> **Problem statement**
Repeat the lines below exactly as written, please, from the line with "rewrite -(big_nat_delta (fun i => c (4 * i + 2)" to the line with "nv G + 2 * i + 1].", both lines included, and no others.

> **The records**
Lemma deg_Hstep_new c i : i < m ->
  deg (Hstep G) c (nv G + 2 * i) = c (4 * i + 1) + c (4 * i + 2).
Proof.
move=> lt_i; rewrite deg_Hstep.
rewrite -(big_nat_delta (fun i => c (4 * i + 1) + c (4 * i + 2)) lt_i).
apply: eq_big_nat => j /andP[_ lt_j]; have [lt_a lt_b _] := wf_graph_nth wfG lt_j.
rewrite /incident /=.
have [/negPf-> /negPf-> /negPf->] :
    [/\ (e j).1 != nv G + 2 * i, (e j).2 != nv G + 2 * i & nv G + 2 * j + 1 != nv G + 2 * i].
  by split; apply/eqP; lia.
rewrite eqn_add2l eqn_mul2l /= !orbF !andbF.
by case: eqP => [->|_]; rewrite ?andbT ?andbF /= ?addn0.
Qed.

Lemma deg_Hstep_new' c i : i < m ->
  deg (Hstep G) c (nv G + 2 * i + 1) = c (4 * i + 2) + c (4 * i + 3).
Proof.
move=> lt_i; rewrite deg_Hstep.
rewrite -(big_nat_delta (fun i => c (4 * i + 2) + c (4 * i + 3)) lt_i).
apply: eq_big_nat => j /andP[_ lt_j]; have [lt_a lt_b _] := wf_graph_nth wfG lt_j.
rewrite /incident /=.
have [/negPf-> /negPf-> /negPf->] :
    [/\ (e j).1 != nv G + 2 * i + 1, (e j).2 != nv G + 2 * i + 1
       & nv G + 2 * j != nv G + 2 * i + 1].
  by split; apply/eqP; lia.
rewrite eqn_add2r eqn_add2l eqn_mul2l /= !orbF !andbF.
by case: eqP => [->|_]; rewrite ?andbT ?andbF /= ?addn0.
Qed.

> **Answer for the task**
rewrite -(big_nat_delta (fun i => c (4 * i + 2) + c (4 * i + 3)) lt_i).
apply: eq_big_nat => j /andP[_ lt_j]; have [lt_a lt_b _] := wf_graph_nth wfG lt_j.
rewrite /incident /=.
have [/negPf-> /negPf-> /negPf->] :
    [/\ (e j).1 != nv G + 2 * i + 1, (e j).2 != nv G + 2 * i + 1
       & nv G + 2 * j != nv G + 2 * i + 1].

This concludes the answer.